(Data extracted from a collection)
- - - - - - -
(* In $NOM$, for every finite sequence $\Gamma$ and formulas $\phi,\psi$, the following rules are derivable: from $\Gamma\vdash\phi$ infer $\Gamma\vdash\neg\neg\phi$; from $\Gamma\vdash\neg\neg\phi$ infer $\Gamma\vdash\phi$; from $\Gamma,\phi\vdash\psi$ and $\Gamma,\phi\vdash\neg\psi$ infer $\Gamma\vdash\neg\phi$; from $\Gamma,\neg\phi\vdash\psi$ and $\Gamma,\neg\phi\vdash\neg\psi$ infer $\Gamma\vdash\phi$; from $\Gamma,\phi\vdash\neg\phi$ infer $\Gamma\vdash\neg\phi$; from $\Gamma,\neg\phi\vdash\phi$ infer $\Gamma\vdash\phi$.
   Context: The propositional deductive system $NOM$: formulas are built from propositional letters using $\wedge$, $\rightarrow$, $\neg$. Sequents are $\phi_1,\ldots,\phi_n\vdash\psi$ ($n\ge0$) with antecedent a finite ordered sequence. With $\Gamma$ a finite possibly empty sequence of formulas and $\phi,\psi,\chi$ formulas, the rules of $NOM$ are: (assumption) $\Gamma,\phi\vdash\phi$; (cut) $\Gamma\vdash\phi$, $\Gamma,\phi\vdash\psi$ $\Rightarrow$ $\Gamma\vdash\psi$; (paste) $\Gamma\vdash\phi$, $\Gamma\vdash\psi$ $\Rightarrow$ $\Gamma,\phi\vdash\psi$; (compatible exchange) $\Gamma,\phi,\psi\vdash\phi$, $\Gamma,\phi,\psi\vdash\chi$, $\Gamma,\psi,\phi\vdash\psi$ $\Rightarrow$ $\Gamma,\psi,\phi\vdash\chi$; ($\wedge$-intro) $\Gamma\vdash\phi$, $\Gamma\vdash\psi$ $\Rightarrow$ $\Gamma\vdash\phi\wedge\psi$; ($\wedge$-elim) $\Gamma\vdash\phi\wedge\psi$ $\Rightarrow$ $\Gamma\vdash\phi$ and $\Rightarrow$ $\Gamma\vdash\psi$; ($\rightarrow$-intro) $\Gamma,\phi\vdash\psi$ $\Rightarrow$ $\Gamma\vdash\phi\rightarrow\psi$; ($\rightarrow$-elim) $\Gamma\vdash\phi\rightarrow\psi$ $\Rightarrow$ $\Gamma,\phi\vdash\psi$; (excluded middle) $\Gamma,\phi\vdash\psi$, $\Gamma,\neg\phi\vdash\psi$ $\Rightarrow$ $\Gamma\vdash\psi$; (explosion) $\Gamma\vdash\neg\phi$ $\Rightarrow$ $\Gamma,\phi\vdash\psi$. A rule schema is derivable if in every instance its conclusion can be derived from its premises using these rules. *)

From Stdlib Require Import List.
Import ListNotations.

Inductive form : Type :=
| Var : nat -> form
| And : form -> form -> form
| Imp : form -> form -> form
| Neg : form -> form.

(* A sequent  phi_1,...,phi_n |- psi  is a pair (antecedent list, succedent).
   The antecedent "Gamma, phi" is Gamma ++ [phi] (phi appended at the end). *)
Definition sequent : Type := (list form * form)%type.

Inductive Der (Prem : sequent -> Prop) : list form -> form -> Prop :=
| d_prem : forall G p, Prem (G, p) -> Der Prem G p
| d_assum : forall G p, Der Prem (G ++ [p]) p
| d_cut : forall G p q, Der Prem G p -> Der Prem (G ++ [p]) q -> Der Prem G q
| d_paste : forall G p q, Der Prem G p -> Der Prem G q -> Der Prem (G ++ [p]) q
| d_cexch : forall G p q r,
    Der Prem (G ++ [p; q]) p -> Der Prem (G ++ [p; q]) r ->
    Der Prem (G ++ [q; p]) q -> Der Prem (G ++ [q; p]) r
| d_andI : forall G p q, Der Prem G p -> Der Prem G q -> Der Prem G (And p q)
| d_andE1 : forall G p q, Der Prem G (And p q) -> Der Prem G p
| d_andE2 : forall G p q, Der Prem G (And p q) -> Der Prem G q
| d_impI : forall G p q, Der Prem (G ++ [p]) q -> Der Prem G (Imp p q)
| d_impE : forall G p q, Der Prem G (Imp p q) -> Der Prem (G ++ [p]) q
| d_em : forall G p q, Der Prem (G ++ [p]) q -> Der Prem (G ++ [Neg p]) q -> Der Prem G q
| d_expl : forall G p q, Der Prem G (Neg p) -> Der Prem (G ++ [p]) q.

Definition derivable_rule (prems : list sequent) (concl : sequent) : Prop :=
  Der (fun s => In s prems) (fst concl) (snd concl).

From Stdlib Require Import List.
Import ListNotations.

Section DerivedRules.

Variable Prem : sequent -> Prop.

Lemma der_dneg_elim_assum G p : Der Prem (G ++ [Neg (Neg p)]) p.
Proof.
  apply (d_em Prem _ p).
  - apply d_assum.
  - apply d_expl, d_assum.
Qed.

(* Split on [Neg p]: under [Neg p] the added [p] explodes; under [Neg (Neg p)]
   the context already proves [p], so pasting it in changes nothing. *)
Lemma der_dneg_intro_assum G p : Der Prem (G ++ [p]) (Neg (Neg p)).
Proof.
  apply d_impE, (d_em Prem G (Neg p)); apply d_impI.
  - apply d_expl, d_assum.
  - apply d_paste; [apply der_dneg_elim_assum | apply d_assum].
Qed.

Lemma der_dneg_intro G p : Der Prem G p -> Der Prem G (Neg (Neg p)).
Proof. intro Hp. apply (d_cut Prem G p); [exact Hp | apply der_dneg_intro_assum]. Qed.

Lemma der_dneg_elim G p : Der Prem G (Neg (Neg p)) -> Der Prem G p.
Proof. intro Hp. apply (d_cut Prem G (Neg (Neg p))); [exact Hp | apply der_dneg_elim_assum]. Qed.

Lemma der_neg_self G p : Der Prem (G ++ [p]) (Neg p) -> Der Prem G (Neg p).
Proof. intro H. apply (d_em Prem G p); [exact H | apply d_assum]. Qed.

Lemma der_self_neg G p : Der Prem (G ++ [Neg p]) p -> Der Prem G p.
Proof. intro H. apply (d_em Prem G p); [apply d_assum | exact H]. Qed.

Lemma der_contra G q r : Der Prem G q -> Der Prem G (Neg q) -> Der Prem G r.
Proof. intros Hq Hnq. apply (d_cut Prem G q); [exact Hq | apply d_expl, Hnq]. Qed.

Lemma der_neg_intro G p q :
  Der Prem (G ++ [p]) q -> Der Prem (G ++ [p]) (Neg q) -> Der Prem G (Neg p).
Proof. intros Hq Hnq. apply der_neg_self, (der_contra _ q); assumption. Qed.

Lemma der_by_contra G p q :
  Der Prem (G ++ [Neg p]) q -> Der Prem (G ++ [Neg p]) (Neg q) -> Der Prem G p.
Proof. intros Hq Hnq. apply der_self_neg, (der_contra _ q); assumption. Qed.

End DerivedRules.

Theorem proposition2p4 : forall (G : list form) (p q : form),
  derivable_rule [(G, p)] (G, Neg (Neg p)) /\
  derivable_rule [(G, Neg (Neg p))] (G, p) /\
  derivable_rule [(G ++ [p], q); (G ++ [p], Neg q)] (G, Neg p) /\
  derivable_rule [(G ++ [Neg p], q); (G ++ [Neg p], Neg q)] (G, p) /\
  derivable_rule [(G ++ [p], Neg p)] (G, Neg p) /\
  derivable_rule [(G ++ [Neg p], p)] (G, p).
Proof.
  intros G p q; unfold derivable_rule; simpl.
  repeat split.
  - apply der_dneg_intro, d_prem; simpl; tauto.
  - apply der_dneg_elim, d_prem; simpl; tauto.
  - apply (der_neg_intro _ _ _ q); apply d_prem; simpl; tauto.
  - apply (der_by_contra _ _ _ q); apply d_prem; simpl; tauto.
  - apply der_neg_self, d_prem; simpl; tauto.
  - apply der_self_neg, d_prem; simpl; tauto.
Qed.
(* Let $S$ be a finite subdirectly indecomposable semigroup such that $\llbracket S\rrbracket$ is join irreducible and $S$ is of semisimple type (left letter mapping, right letter mapping, or group mapping). Then $\operatorname{Excl}(S)$ is large, i.e. $\mathbf{1}\mathbin{ⓜ}\operatorname{Excl}(S)=\operatorname{Excl}(S)$.
   Context: All semigroups are finite. A pseudovariety is a class of finite semigroups closed under finite direct products, subsemigroups and homomorphic images; $\llbracket S\rrbracket$ is the pseudovariety generated by $S$; $\mathbf{1}$ is the trivial pseudovariety. A pseudovariety $\mathbf{V}$ is join irreducible if for every set $\mathscr{X}$ of pseudovarieties, $\mathbf{V}\subseteq\bigvee\mathscr{X}$ implies $\mathbf{V}\subseteq\mathbf{X}$ for some $\mathbf{X}\in\mathscr{X}$; $\operatorname{Excl}(S)$ is the class of finite semigroups $T$ with $S\notin\llbracket T\rrbracket$ (a pseudovariety when $\llbracket S\rrbracket$ is join irreducible). The Mal'cev product $\mathbf{V}\mathbin{ⓜ}\mathbf{W}$ is the pseudovariety generated by all finite semigroups $S$ admitting a homomorphism $\varphi\colon S\to T$ with $T\in\mathbf{W}$ and $e\varphi^{-1}\in\mathbf{V}$ for every idempotent $e\in T$. A semigroup $S$ is subdirectly indecomposable if whenever $S$ is a subsemigroup of $S_1\times S_2$ projecting onto both factors, one of the projections is an isomorphism. Such a finite $S$ has a unique $0$-minimal ideal $I$ (the minimal ideal if $S$ has no zero). $S$ is left letter mapping if $S$ acts faithfully on the right of the set of $\mathscr L$-classes of $I$; right letter mapping if $S$ acts faithfully on the left of the set of $\mathscr R$-classes of $I$; group mapping if $I$ contains a nontrivial maximal subgroup and $S$ acts faithfully on both the left and the right of $I$. *)

From mathcomp Require Import all_boot.
Set Implicit Arguments. Unset Strict Implicit. Unset Printing Implicit Defensive.

Record fsg := FSG {
  car :> finType;
  sop : car -> car -> car;
  sassoc : associative sop }.

Definition surjective (A B : Type) (f : A -> B) : Prop := forall y, exists x, f x = y.

Definition is_hom (A B : fsg) (f : A -> B) : Prop :=
  forall x y : A, f (sop x y) = sop (f x) (f y).

Definition prod_op (A B : fsg) (x y : (A * B)%type) : (A * B)%type :=
  (sop x.1 y.1, sop x.2 y.2).
Lemma prod_assoc (A B : fsg) : associative (@prod_op A B).
Proof. by move=> [a b] [c d] [e g]; rewrite /prod_op /= !sassoc. Qed.
Definition fsg_prod (A B : fsg) : fsg := FSG (@prod_assoc A B).

Definition unit_op (x y : unit) : unit := tt.
Lemma unit_assoc : associative unit_op. Proof. by []. Qed.
Definition fsg_unit : fsg := FSG unit_assoc.

Definition sclass := fsg -> Prop.

Definition sub_class (V W : sclass) : Prop := forall T, V T -> W T.

(** Pseudovariety: contains the one-element semigroup (empty product), closed
   under binary direct products, subsemigroups (injective homomorphisms into a
   member) and homomorphic images (surjective homomorphisms from a member). *)
Definition pseudovariety (V : sclass) : Prop :=
  [/\ V fsg_unit,
      (forall A B, V A -> V B -> V (fsg_prod A B)),
      (forall (T U : fsg) (f : T -> U), is_hom f -> injective f -> V U -> V T) &
      (forall (U T : fsg) (f : U -> T), is_hom f -> surjective f -> V U -> V T)].

Definition gen (C : sclass) : sclass :=
  fun T => forall V, pseudovariety V -> sub_class C V -> V T.

Definition gen1 (S : fsg) : sclass := gen (fun T => exists f : S -> T,
  is_hom f /\ bijective f).

Definition trivialPV : sclass := fun T => #|T| = 1%N.

Definition join (X : sclass -> Prop) : sclass :=
  gen (fun T => exists2 V, X V & V T).

Definition join_irreducible (V : sclass) : Prop :=
  forall X : sclass -> Prop, (forall W, X W -> pseudovariety W) ->
    sub_class V (join X) -> exists2 W, X W & sub_class V W.

Definition Excl (S : fsg) : sclass := fun T => ~ gen1 T S.

Definition sub_in (V : sclass) (S : fsg) (A : pred S) : Prop :=
  exists U : fsg, V U /\ exists f : U -> S,
    [/\ is_hom f, injective f & forall x, A x <-> exists u, f u = x].

Definition malcev (V W : sclass) : sclass :=
  gen (fun S => exists T : fsg, W T /\ exists phi : S -> T, is_hom phi /\
         forall e : T, sop e e = e -> (exists s, phi s = e) ->
           sub_in V (fun s => phi s == e)).

Definition subdirectly_indecomposable (S : fsg) : Prop :=
  forall (S1 S2 : fsg) (i : S -> fsg_prod S1 S2),
    is_hom i -> injective i ->
    surjective (fun s => (i s).1) -> surjective (fun s => (i s).2) ->
    bijective (fun s => (i s).1) \/ bijective (fun s => (i s).2).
- - - - - - -
* [WHAT YOU NEED TO DO] Each line above from the one with "Definition unit_op (x y : unit) : unit := tt." up to and including the one with "(** Pseudovariety: contains" must be set down exactly, and no line outside that span may appear.

* [RESPONSE FOR THIS EXERCISE]
Definition unit_op (x y : unit) : unit := tt.
Lemma unit_assoc : associative unit_op. Proof. by []. Qed.
Definition fsg_unit : fsg := FSG unit_assoc.

Definition sclass := fsg -> Prop.

Definition sub_class (V W : sclass) : Prop := forall T, V T -> W T.

(** Pseudovariety: contains the one-element semigroup (empty product), closed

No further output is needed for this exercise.